In an 1898 select committee hearing, the contractor who built the railway, Robert Amos, stated that the railway actually ended about a mile from the site of the wharves. That end location was sensible, given that the wharves or jetties and their land-side approaches—the means of bringing the railway up and onto those wharves or jetties—had yet to be constructed, and in fact never were constructed.

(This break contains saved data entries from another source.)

(* A decorated graph D is (via its decorations) identified with a subgraph
   of G: D is a graph, its decorations are injective on edges and vertices,
   compatible with the colorings, the incidence structure of D is the one
   induced from G, and the set of vertices is convex in G (every directed
   path of G between two vertices of D stays inside D), which is exactly
   the condition that G is obtained by substituting D into a vertex of a
   (acyclic) graph, with corollas at the other vertices.                  *)
Definition is_subgraph (G : pregraph) (D : decorated G) : Prop :=
  is_decorated G D /\
  injective (dE D) /\
  injective (dV D) /\
  (forall e w, psrc e = Some w <-> psrc (dE D e) = Some (dV D w)) /\
  (forall e w, ptgt e = Some w <-> ptgt (dE D e) = Some (dV D w)) /\
  (forall (u w : pV (dgr D)) (x : pV G),
     connect (vrel G) (dV D u) x -> connect (vrel G) x (dV D w) ->
     exists y, dV D y = x).

Arguments morph_image {H G} f.
Arguments is_prop_morph {H G} f.
Arguments dec_iso {G} D D'.
Arguments is_subgraph {G} D.

From mathcomp Require Import all_boot.

Set Implicit Arguments.
Unset Strict Implicit.
Unset Printing Implicit Defensive.

(* First, each f1 v embeds in G.  Colours are constant on the classes of
   the gluing that builds the image, so two edges of f1 v with the same
   colour in G are glued, hence joined by a chain that leaves v through an
   output and re-enters it through an input; this is a directed cycle of H.
   Vertices are handled directly by injectivity of the image on vertices.
   Second, an embedded decorated graph D is recovered from its boundary
   f0(in v), f0(out v): detaching each input edge of D from its source and
   each output edge from its target, the footprint of D in G becomes a
   connected component.  The footprints of f1 v and f1' v meet (in a
   boundary edge, or anywhere when the boundary is empty, since G is
   connected), so they coincide, and matching the two embeddings along the
   common footprint is the required isomorphism. *)

Lemma perm_filter_enum_mem (T : finType) (p : pred T) (s : seq T) :
  perm_eq s [seq x <- enum T | p x] -> forall x, (x \in s) = p x.
Proof. by move=> /perm_mem eq_s x; rewrite eq_s mem_filter mem_enum andbT. Qed.

Lemma perm_filter_enum_uniq (T : finType) (p : pred T) (s : seq T) :
  perm_eq s [seq x <- enum T | p x] -> uniq s.
Proof. by move=> /perm_uniq ->; rewrite filter_uniq ?enum_uniq. Qed.

Section GraphFacts.

Variable P : pregraph.
Hypothesis graphP : is_graph P.

Lemma mem_pin e : (e \in pin P) = (psrc e == None).
Proof. exact: perm_filter_enum_mem graphP.1 e. Qed.

Lemma mem_pout e : (e \in pout P) = (ptgt e == None).
Proof. exact: perm_filter_enum_mem graphP.2.1 e. Qed.

Lemma mem_pvin v e : (e \in pvin P v) = (ptgt e == Some v).
Proof. exact: perm_filter_enum_mem (graphP.2.2.1 v) e. Qed.

Lemma mem_pvout v e : (e \in pvout P v) = (psrc e == Some v).
Proof. exact: perm_filter_enum_mem (graphP.2.2.2.1 v) e. Qed.

Lemma uniq_pin : uniq (pin P).
Proof. exact: perm_filter_enum_uniq graphP.1. Qed.

Lemma uniq_pout : uniq (pout P).
Proof. exact: perm_filter_enum_uniq graphP.2.1. Qed.

Lemma uniq_pvin v : uniq (pvin P v).
Proof. exact: perm_filter_enum_uniq (graphP.2.2.1 v). Qed.

Lemma uniq_pvout v : uniq (pvout P v).
Proof. exact: perm_filter_enum_uniq (graphP.2.2.2.1 v). Qed.

Lemma card_graph_gt0 : 0 < #|{: pV P + pE P}|.
Proof. exact: graphP.2.2.2.2.1. Qed.

Lemma connect_incid x y : connect (incid P) x y.
Proof. exact: graphP.2.2.2.2.2.1. Qed.

Lemma vrel_acyclic u w : vrel P u w -> ~~ connect (vrel P) w u.
Proof. exact: graphP.2.2.2.2.2.2. Qed.

End GraphFacts.

Lemma connect_stable (T : finType) (e : rel T) (P : T -> Prop) :
  (forall x y, e x y -> P x -> P y) -> forall x y, connect e x y -> P x -> P y.
Proof.
move=> stableP x y /connectP[p]; elim: p x => [|z p IHp] x /=; first by move=> _ ->.
by case/andP=> exz pz ey Px; apply: IHp pz ey (stableP _ _ exz Px).
Qed.

Lemma connect_first_step (T : finType) (e : rel T) x y :
  connect e x y -> x != y -> exists2 z, e x z & connect e z y.
Proof.
case/connectP=> [[|z p]] /=; first by move=> _ ->; rewrite eqxx.
by case/andP=> exz pz -> _; exists z => //; apply/connectP; exists p.
Qed.

Lemma connect_functional_step (T : finType) (e : rel T) x y z :
  (forall a b b', e a b -> e a b' -> b = b') ->
  e z x -> connect e z y -> connect e x y \/ connect e y x.
Proof.
move=> fun_e ezx czy; have [eq_zy|neq_zy] := eqVneq z y.
  by right; rewrite -eq_zy connect1.
have [z1 ezz1 cz1y] := connect_first_step czy neq_zy.
by left; rewrite (fun_e _ _ _ ezx ezz1).
Qed.

Lemma connect_sym_closure (T : finType) (e : rel T) :
  (forall a b b', e a b -> e a b' -> b = b') ->
  (forall a a' b, e a b -> e a' b -> a = a') ->
  forall x y, connect [rel a b | e a b || e b a] x y -> connect e x y \/ connect e y x.
Proof.
move=> fun_e inj_e x y /connectP[p]; elim: p x => [|z p IHp] x /=.
  by move=> _ ->; left.
case/andP=> exz pz ey; have [czy|cyz] := IHp z pz ey; case/orP: exz => exz.
- by left; apply: connect_trans (connect1 exz) czy.
- exact: connect_functional_step czy.
- have fun_rev a b b' : e b a -> e b' a -> b = b' by move=> eba eb'a; exact: inj_e eba eb'a.
  have cyz_rev : connect [rel a b | e b a] z y by rewrite connect_rev.
  by case: (connect_functional_step fun_rev exz cyz_rev); rewrite connect_rev /=; [right|left].
- by right; apply: connect_trans cyz (connect1 exz).
Qed.

Lemma mem_zip (S T : eqType) (s : seq S) (t : seq T) a b :
  (a, b) \in zip s t -> (a \in s) /\ (b \in t).
Proof.
elim: s t => [|x s IHs] [|y t] //=; rewrite in_cons.
by case/orP=> [/eqP[-> ->]|/IHs[sa tb]]; rewrite !in_cons ?eqxx ?sa ?tb ?orbT.
Qed.

Lemma mem_zip_swap (S T : eqType) (s : seq S) (t : seq T) a b :
  ((a, b) \in zip s t) = ((b, a) \in zip t s).
Proof. by elim: s t => [|x s IHs] [|y t] //=; rewrite !in_cons IHs !xpair_eqE andbC. Qed.

Lemma zip_uniql_fun (S T : eqType) (s : seq S) (t : seq T) a b b' :
  uniq s -> (a, b) \in zip s t -> (a, b') \in zip s t -> b = b'.
Proof.
elim: s t => [|x s IHs] [|y t] //= /andP[xs us]; rewrite !in_cons.
case/orP=> [/eqP[ea ->]|ab]; case/orP=> [/eqP[ea' ->]|ab'] //.
- by move: xs; rewrite -ea (mem_zip ab').1.
- by move: xs; rewrite -ea' (mem_zip ab).1.
- exact: IHs ab ab'.
Qed.

Lemma zip_uniqr_fun (S T : eqType) (s : seq S) (t : seq T) a a' b :
  uniq t -> (a, b) \in zip s t -> (a', b) \in zip s t -> a = a'.
Proof. by rewrite !(mem_zip_swap s); apply: zip_uniql_fun. Qed.

Lemma eq_map_zip (A B C : eqType) (g : A -> C) (g' : B -> C) s s' a b :
  map g s = map g' s' -> (a, b) \in zip s s' -> g a = g' b.
Proof.
elim: s s' => [|x s IHs] [|y s'] //= [gxy gss']; rewrite in_cons.
by case/orP=> [/eqP[-> ->] // | /(IHs _ gss')].
Qed.

Lemma bij_of_eq_codom (A B : finType) (C : eqType) (f : A -> C) (g : B -> C) :
  injective f -> injective g -> codom f =i codom g ->
  exists2 phi : A -> B, bijective phi & forall a, g (phi a) = f a.
Proof.
move=> inj_f inj_g eq_fg.
have fg a : f a \in codom g by rewrite -eq_fg codom_f.
have gf b : g b \in codom f by rewrite eq_fg codom_f.
exists (fun a => iinv (fg a)); last by move=> a; rewrite f_iinv.
by exists (fun b => iinv (gf b)) => [a|b]; [apply: inj_f | apply: inj_g]; rewrite !f_iinv.
Qed.

Lemma eq_omap_bij (A B : eqType) (phi : A -> B) (x : option A) (y : option B) :
  bijective phi -> (forall a, (x == Some a) = (y == Some (phi a))) -> y = omap phi x.
Proof.
case=> psi phiK psiK; case: x => [a|] eq_xy /=; first by apply/eqP; rewrite -eq_xy.
by case: y eq_xy => // b /(_ (psi b)); rewrite psiK eqxx.
Qed.

Definition boundary_in (G : pregraph) (D : decorated G) := map (dE D) (pin (dgr D)).
Definition boundary_out (G : pregraph) (D : decorated G) := map (dE D) (pout (dgr D)).

Definition footprint (G : pregraph) (D : decorated G) : pred (pV G + pE G) :=
  fun x => match x with inl z => z \in codom (dV D) | inr e => e \in codom (dE D) end.

Definition dlift (G : pregraph) (D : decorated G) (a : pV (dgr D) + pE (dgr D)) :
    pV G + pE G :=
  match a with inl w => inl (dV D w) | inr t => inr (dE D t) end.

Arguments dlift {G} D a.

Definition cut_incid (G : pregraph) (Bi Bo : seq (pE G)) : rel (pV G + pE G) :=
  fun x y => incid G x y && ~~
    match x, y with
    | inl z, inr e | inr e, inl z =>
        (e \in Bi) && (psrc e == Some z) || (e \in Bo) && (ptgt e == Some z)
    | _, _ => false
    end.

Lemma footprint_dlift G (D : decorated G) a : footprint D (dlift D a).
Proof. by case: a => [w|t]; apply: codom_f. Qed.

Lemma footprintP G (D : decorated G) x : footprint D x -> exists a, x = dlift D a.
Proof. by case: x => [z|e] /codomP[a ->]; [exists (inl a) | exists (inr a)]. Qed.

A short rail connection was constructed, linking the smelter site to the Illawarra Harbour and Land Company's railway. It branched from the railway to the proposed port, close to where Fowlers Road now crosses Brooks Creek. The line to the smelter then crossed Brooks Creek, curving to enter what is now Webb Park at its western end, then passing just to the south of what are now the southern boundaries of allotments adjoining the park. It then passed through what is now a curving, narrow strip of land, between Webb Park and a point nearby the intersection of Kanahooka Road and Brooks Terrace, after which it crossed Kanahooka Road and entered the plant.

==== Harbour works ====
The same contractor who built the railway, Robert Amos, also had a contract for the dredging of the channel across the lake bed and the entrance works at Windang. While financial arrangements had not been finalised, a sum of around £200,000 had appeared in the press. When Amos was interviewed on the subject, in September 1895, "He did not think the dredging would be difficult in any way. The making of the entrance, however, between the sea and the lake would not be easy work." Amos stated that he had contracted to do the dredging for a lump sum, and the other work on a schedule of rates.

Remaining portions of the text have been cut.